The first ever 3D-printed house in the southern hemisphere has been built in a Melbourne manufacturing warehouse in just three days. The structure's elements were printed in the first two days and assembled on day three while the structure meets the Australia and New Zealand building codes.
The house was built by Australian 3D printing building and construction company Luyten in December, using highly robust and eco-friendly 3D printable concrete.
The structure, called the Heptapod, costs less than 70 per cent of traditional building methods, supporting the fast-growing tiny houses movement.
"We are absolutely ecstatic with the 3D printing of our first house," Luyten 3D cofounder and CEO Ahmed Mahil said.
"It is a fine example of the type of structure that can be built using our innovative 3D printing technology and will provide people with the ability to see and touch a 3D-printed home in person before they order one."
Since the business launched in 2020, it has partnered with the University of New South Wales to build structures and base camps on the moon and on other planets, including Mars.
Some of the 3D homes on order will be used for affordable housing options in regional areas of the country, as well as schools and accommodation.

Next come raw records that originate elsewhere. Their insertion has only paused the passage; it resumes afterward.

(* Let $T>0$, $\mu>0$, $U>0$ with $UJ(T)<\mu/2$. Then every minimizer $(\gamma,\alpha,\rho_0)$ of $\mathcal{F}$ over $\mathcal{D}$ has $\rho_0\neq0$.
   Context: Let $\mathbb{T}^3=[-\pi,\pi]^3$ with periodic identification and normalized Haar measure $dp$. Let $\varepsilon(p)=4\sum_{k=1}^3\sin^2(p_k/2)$. $\mathcal{D}=\{(\gamma,\alpha,\rho_0): \gamma\in L^1(\mathbb{T}^3),\ \gamma\ge0,\ \alpha^2\le\gamma(1+\gamma)\text{ a.e.},\ \rho_0\ge0\}$. With $\beta=\sqrt{(\tfrac12+\gamma)^2-\alpha^2}$, $S(\gamma,\alpha)=\int\big[(\beta+\tfrac12)\ln(\beta+\tfrac12)-(\beta-\tfrac12)\ln(\beta-\tfrac12)\big]dp$, and $\mathcal{F}(\gamma,\alpha,\rho_0)=\int(\varepsilon-\mu)\gamma\,dp-\mu\rho_0-TS(\gamma,\alpha)+\frac U2(\int\alpha)^2+U(\int\gamma)^2+U\rho_0\int\alpha+2U\rho_0\int\gamma+\frac U2\rho_0^2$ (integrals over $\mathbb{T}^3$). $J(T)=\int_{\mathbb{T}^3}(e^{\varepsilon(p)/T}-1)^{-1}dp$. *)

From HB Require Import structures.
From mathcomp Require Import all_boot all_order all_algebra.
From mathcomp Require Import all_classical all_reals all_analysis.
Set Implicit Arguments. Unset Strict Implicit. Unset Printing Implicit Defensive.
Import Order.TTheory GRing.Theory Num.Theory.
Import numFieldNormedType.Exports.
Local Open Scope classical_set_scope.
Local Open Scope ring_scope.

Section Bogoliubov.
Variable R : realType.

(* points of T^3 are represented by points of R^3 = (R*R)*R in the box [-pi,pi]^3 *)
Definition pt := ((R * R) * R)%type.

Definition leb3 := (((@lebesgue_measure R) \x (@lebesgue_measure R)) \x (@lebesgue_measure R))%E.

Definition box : set pt :=
  [set p | (- pi <= p.1.1 <= pi) /\ (- pi <= p.1.2 <= pi) /\ (- pi <= p.2 <= pi)].

(* integral over T^3 against the normalized Haar measure dp = d^3p/(2 pi)^3 *)
Definition tint (f : pt -> R) : R := Rintegral leb3 box f / (2 * pi) ^+ 3.

(* extended-real version (used for J, whose integrand is nonnegative) *)
Definition tintE (f : pt -> R) : \bar R :=
  ((((2 * pi) ^+ 3)^-1)%:E * \int[leb3]_(p in box) (f p)%:E)%E.

Definition eps (p : pt) : R :=
  4 * (sin (p.1.1 / 2) ^+ 2 + sin (p.1.2 / 2) ^+ 2 + sin (p.2 / 2) ^+ 2).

The 3D printable concrete results in 82.5 megapascal (MPa) compressive strength after 28 days, four times stronger than the 20 MPa residential building code requires.
Mr Mahil said the printed elements were ready to handle and be moved within only five hours of being printed.

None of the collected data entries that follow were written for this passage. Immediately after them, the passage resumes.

Record IsGroup (T : Type) (mul : T -> T -> T) (one : T) (inv : T -> T) : Prop := {
  grp_assoc : forall x y z, mul x (mul y z) = mul (mul x y) z;
  grp_one_l : forall x, mul one x = x;
  grp_one_r : forall x, mul x one = x;
  grp_inv_l : forall x, mul (inv x) x = one;
  grp_inv_r : forall x, mul x (inv x) = one
}.

Section Cayley.
Context {T : Type} (mul : T -> T -> T) (one : T) (inv : T -> T) (Sg : list T).

Fixpoint word_eval (w : list T) : T :=
  match w with
  | [] => one
  | s :: w' => mul s (word_eval w')
  end.

Definition symmetric_set : Prop := forall s, In s Sg -> In (inv s) Sg.

(** S generates the group: every element is a product of elements of S
    (inverses are not needed since Sg is symmetric). *)
Definition generates : Prop :=
  forall x : T, exists w : list T, Forall (fun s => In s Sg) w /\ word_eval w = x.

Definition word_le (n : nat) (x : T) : Prop :=
  exists w : list T, Forall (fun s => In s Sg) w /\ (length w <= n)%nat /\ word_eval w = x.

Definition ball_card (n m : nat) : Prop :=
  exists l : list T, NoDup l /\ length l = m /\ (forall x, In x l <-> word_le n x).

(** Volume growth v(n) = |B_n(id)| (the ball is finite, so ball_card n
    has a unique solution; epsilon picks it). *)
Definition vol (n : nat) : nat := epsilon (inhabits 0%nat) (fun m => ball_card n m).

(** Firefighter process on the Cayley graph: vertices are elements of T,
    x ~ y iff y = x * s for some s in S. *)

Definition protected (A : nat -> T -> Prop) (n : nat) (y : T) : Prop :=
  exists k, (1 <= k <= n)%nat /\ A k y.

Fixpoint burning (F0 : list T) (A : nat -> T -> Prop) (n : nat) : T -> Prop :=
  match n with
  | O => fun y => In y F0
  | S n' => fun y =>
      burning F0 A n' y \/
      ((exists x s, burning F0 A n' x /\ In s Sg /\ y = mul x s) /\ ~ protected A (S n') y)
  end.

Definition valid_strategy (f : nat -> nat) (F0 : list T) (A : nat -> T -> Prop) : Prop :=
  forall n, (1 <= n)%nat ->
    (exists l : list T, (length l <= f n)%nat /\ forall y, A n y -> In y l) /\
    (forall y, A n y -> ~ burning F0 A (n - 1) y).

Definition containment (f : nat -> nat) : Prop :=
  forall F0 : list T, exists A : nat -> T -> Prop,
    valid_strategy f F0 A /\
    exists N, forall n, (N <= n)%nat -> forall y, burning F0 A n y <-> burning F0 A N y.

End Cayley.

(* Coulhon--Saloff-Coste isoperimetry: a finite set A with 2|A| <= v(r) has at least
   |A| / 2r outer boundary vertices.  Indeed the number e(g) of a in A with a g outside A
   is subadditive in g, so e(g) <= r |boundary A| on the ball of radius r, while for each
   a at most |A| of the a g lie in A; double counting the pairs (a, g) gives the bound.

   Start the fire on a large ball.  Every boundary vertex of the fire burns or is
   protected at the next step, so the number b_t of burning vertices satisfies
   b_t (1 + 1/2r) <= b_(t+1) + f(1) + ... + f(t+1) whenever v(r) >= 2 b_t.  As
   v(r) >= exp(r^alpha), radii r ~ (log b_t)^(1/alpha) are admissible, and by induction
   b_t >= exp((t + T)^g) for any g < alpha / (alpha + 1) above beta: with g + g/alpha < 1
   the gain b_t / 2r beats both the increment of exp((t + T)^g) and the total budget,
   which is O(t exp(t^b1)) for some beta <= b1 < g.  Hence b_t is unbounded and the fire
   is never contained. *)

From Stdlib Require Import Reals ZArith List Lia Lra FinFun Permutation.
From Stdlib Require Import Bool ClassicalEpsilon Classical.
From Coquelicot Require Import Rbar Hierarchy.
Import ListNotations.
Open Scope nat_scope.

Section Cardinality.
Context {T : Type}.

Definition finite_pred (P : T -> Prop) : Prop := exists l, forall x, P x -> In x l.

Definition card (P : T -> Prop) : nat :=
  epsilon (inhabits 0) (fun m => exists l, NoDup l /\ length l = m /\ forall x, In x l <-> P x).

Lemma enum_finite_pred P :
  finite_pred P -> exists l, NoDup l /\ forall x, In x l <-> P x.
Proof.
  intros [l Hl].
  set (eq_dec := fun x y : T => excluded_middle_informative (x = y)).
  exists (filter (fun x => if excluded_middle_informative (P x) then true else false)
            (nodup eq_dec l)).
  split.
  - apply NoDup_filter, NoDup_nodup.
  - intros x. rewrite filter_In, nodup_In.
    destruct (excluded_middle_informative (P x)) as [HPx|HPx].
    + split; [intros _; exact HPx | auto].
    + split; [now intros [_ Hfalse] | tauto].
Qed.

Lemma card_spec P :
  finite_pred P -> exists l, NoDup l /\ length l = card P /\ forall x, In x l <-> P x.
Proof.
  intros HP. unfold card. apply epsilon_spec.
  destruct (enum_finite_pred P HP) as [l Hl]. now exists (length l), l.
Qed.

Lemma card_eq_length P l : NoDup l -> (forall x, In x l <-> P x) -> card P = length l.
Proof.
  intros Hl HlP.
  destruct (card_spec P) as [l' [Hl' [<- Hl'P]]]; [exists l; apply HlP|].
  apply Permutation_length, NoDup_Permutation; trivial.
  intros x. now rewrite Hl'P, HlP.
Qed.

Lemma card_ext P Q : finite_pred P -> (forall x, P x <-> Q x) -> card P = card Q.
Proof.
  intros HP HPQ. destruct (card_spec P HP) as [l [Hl [<- HlP]]].
  symmetry. apply card_eq_length; trivial. intros x. now rewrite HlP.
Qed.

Lemma NoDup_length_le_card_add (l Q : list T) P : NoDup l -> finite_pred P ->
  (forall x, In x l -> P x \/ In x Q) -> length l <= card P + length Q.
Proof.
  intros Hl HP Hcov. destruct (card_spec P HP) as [lP [_ [<- HlP]]].
  rewrite <- length_app. apply NoDup_incl_length; trivial.
  intros x Hx. apply in_or_app. rewrite HlP. auto.
Qed.

Lemma card_le P Q : finite_pred Q -> (forall x, P x -> Q x) -> card P <= card Q.
Proof.
  intros HQ HPQ.
  assert (HP : finite_pred P) by (destruct HQ as [l Hl]; exists l; auto).
  destruct (card_spec P HP) as [l [Hl [<- HlP]]].
  rewrite <- (Nat.add_0_r (card Q)). apply (NoDup_length_le_card_add l []); trivial.
  intros x Hx. left. now apply HPQ, HlP.
Qed.

End Cardinality.

Lemma word_le_finite {T} (mul : T -> T -> T) one Sg r : finite_pred (word_le mul one Sg r).
Proof.
  induction r as [|r [l IH]].
  - exists [one]. intros x [[|s w] [_ [Hl <-]]]; [now left | simpl in Hl; lia].
  - exists (one :: flat_map (fun s => map (mul s) l) Sg).
    intros x [[|s w] [Hw [Hl <-]]]; [now left|right].
    inversion Hw; subst. apply in_flat_map. exists s. split; trivial.
    apply (in_map (mul s)), IH. exists w. simpl in Hl. repeat split; trivial; lia.
Qed.

Lemma vol_card {T} (mul : T -> T -> T) one Sg r : vol mul one Sg r = card (word_le mul one Sg r).
Proof. reflexivity. Qed.

Lemma list_sum_map_add {A} (h1 h2 : A -> nat) l :
  list_sum (map (fun x => h1 x + h2 x) l) = list_sum (map h1 l) + list_sum (map h2 l).
Proof. induction l; simpl; lia. Qed.

Lemma list_sum_map_le_const {A} (h : A -> nat) l k :
  (forall x, In x l -> h x <= k) -> list_sum (map h l) <= length l * k.
Proof.
  induction l as [|a l IH]; simpl; intros Hk; trivial.
  specialize (IH (fun x Hx => Hk x (or_intror Hx))). specialize (Hk a (or_introl eq_refl)). lia.
Qed.

Lemma double_counting {A B} (R : A -> B -> bool) (la : list A) (lb : list B) :
  list_sum (map (fun b => length (filter (fun a => R a b) la)) lb) =
  list_sum (map (fun a => length (filter (R a) lb)) la).
Proof.
  induction la as [|a la IH]; simpl.
  - induction lb; simpl; auto.
  - rewrite <- IH. clear IH.
    induction lb as [|b lb IHb]; simpl; trivial.
    rewrite IHb. destruct (R a b); simpl; lia.
Qed.

Section Isoperimetry.
Context {T : Type} (mul : T -> T -> T) (one : T) (inv : T -> T) (Sg : list T).
Hypothesis Hgrp : IsGroup T mul one inv.

Lemma mul_cancel_r a b g : mul a g = mul b g -> a = b.
Proof.
  intros H. rewrite <- (grp_one_r _ _ _ _ Hgrp a), <- (grp_one_r _ _ _ _ Hgrp b).
  now rewrite <- (grp_inv_r _ _ _ _ Hgrp g), !(grp_assoc _ _ _ _ Hgrp), H.
Qed.

Lemma mul_cancel_l a b g : mul g a = mul g b -> a = b.
Proof.
  intros H. rewrite <- (grp_one_l _ _ _ _ Hgrp a), <- (grp_one_l _ _ _ _ Hgrp b).
  now rewrite <- (grp_inv_l _ _ _ _ Hgrp g), <- !(grp_assoc _ _ _ _ Hgrp), H.
Qed.

Definition memb (A : list T) (y : T) : bool :=
  if excluded_middle_informative (In y A) then true else false.

Lemma memb_spec A y : memb A y = true <-> In y A.
Proof. unfold memb. destruct (excluded_middle_informative (In y A)); now split. Qed.

Definition outer_boundary (A : list T) (y : T) : Prop :=
  ~ In y A /\ exists x s, In x A /\ In s Sg /\ y = mul x s.

Lemma outer_boundary_finite A : finite_pred (outer_boundary A).
Proof.
  exists (flat_map (fun x => map (mul x) Sg) A).
  intros y [_ [x [s [Hx [Hs ->]]]]]. apply in_flat_map. eauto using in_map.
Qed.

Definition escapees (A : list T) (g : T) : list T :=
  filter (fun a => negb (memb A (mul a g))) A.

Lemma In_escapees A g a : In a (escapees A g) <-> In a A /\ ~ In (mul a g) A.
Proof.
  unfold escapees. rewrite filter_In.
  destruct (memb A (mul a g)) eqn:E; simpl.
  - apply memb_spec in E. split; [now intros [_ F] | tauto].
  - assert (~ In (mul a g) A) by (rewrite <- memb_spec, E; discriminate). tauto.
Qed.

Lemma escapees_one A : escapees A one = [].
Proof.
  destruct (escapees A one) as [|a l] eqn:E; trivial.
  assert (Ha : In a (escapees A one)) by (rewrite E; now left).
  apply In_escapees in Ha as [Ha Hout]. rewrite (grp_one_r _ _ _ _ Hgrp) in Hout. tauto.
Qed.

Lemma length_escapees_generator A s : NoDup A -> In s Sg ->
  length (escapees A s) <= card (outer_boundary A).
Proof.
  intros HA Hs. destruct (card_spec _ (outer_boundary_finite A)) as [D [_ [<- HD]]].
  rewrite <- (length_map (fun a => mul a s)).
  apply NoDup_incl_length.
  - apply Injective_map_NoDup; [intros x y; apply mul_cancel_r|].
    now apply NoDup_filter.
  - intros y Hy. apply in_map_iff in Hy as [a [<- Ha]].
    apply In_escapees in Ha as [Ha Hout]. apply HD. split; eauto 6.
Qed.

“This is the great thing about our special concrete mix, it cures quickly and delivers results that supersede what is currently available at four times less cost."
Mr Mahil said the 3D printing technology allows construction projects, which traditionally take months or years to complete, be finished in a matter of days.
Furthermore, Mr Mahil said the technology reduces 60% of construction waste, 70% of production time, and 80% of labour costs.
“In addition, the technology is proven to increase construction site efficiency with 60% guaranteed costs savings, 300 to 500 times shorter execution times, and an 80% total reduction in monetary expenses without formwork in concrete construction,” he said.
3D printing homes is eco-friendly too — Mr Mahil said Luyten 3D’s technology employs up to 40% less carbon dioxide emissions through propriety mixes that reduce use of cement, and the robotic systems reduce construction site and logistics carbon dioxide footprints by 50% to 70%.
According to data by CoreLogic, Australian housing values grew 22.1 per cent last year - growth not seen since the 1980s - but it had since slowed across most capital cities.
"It is clear that most markets have moved through a peak rate of growth," CoreLogic's research director Tim Lawless said.
"We saw most of the capitals moved through a peak rate of growth around March last year."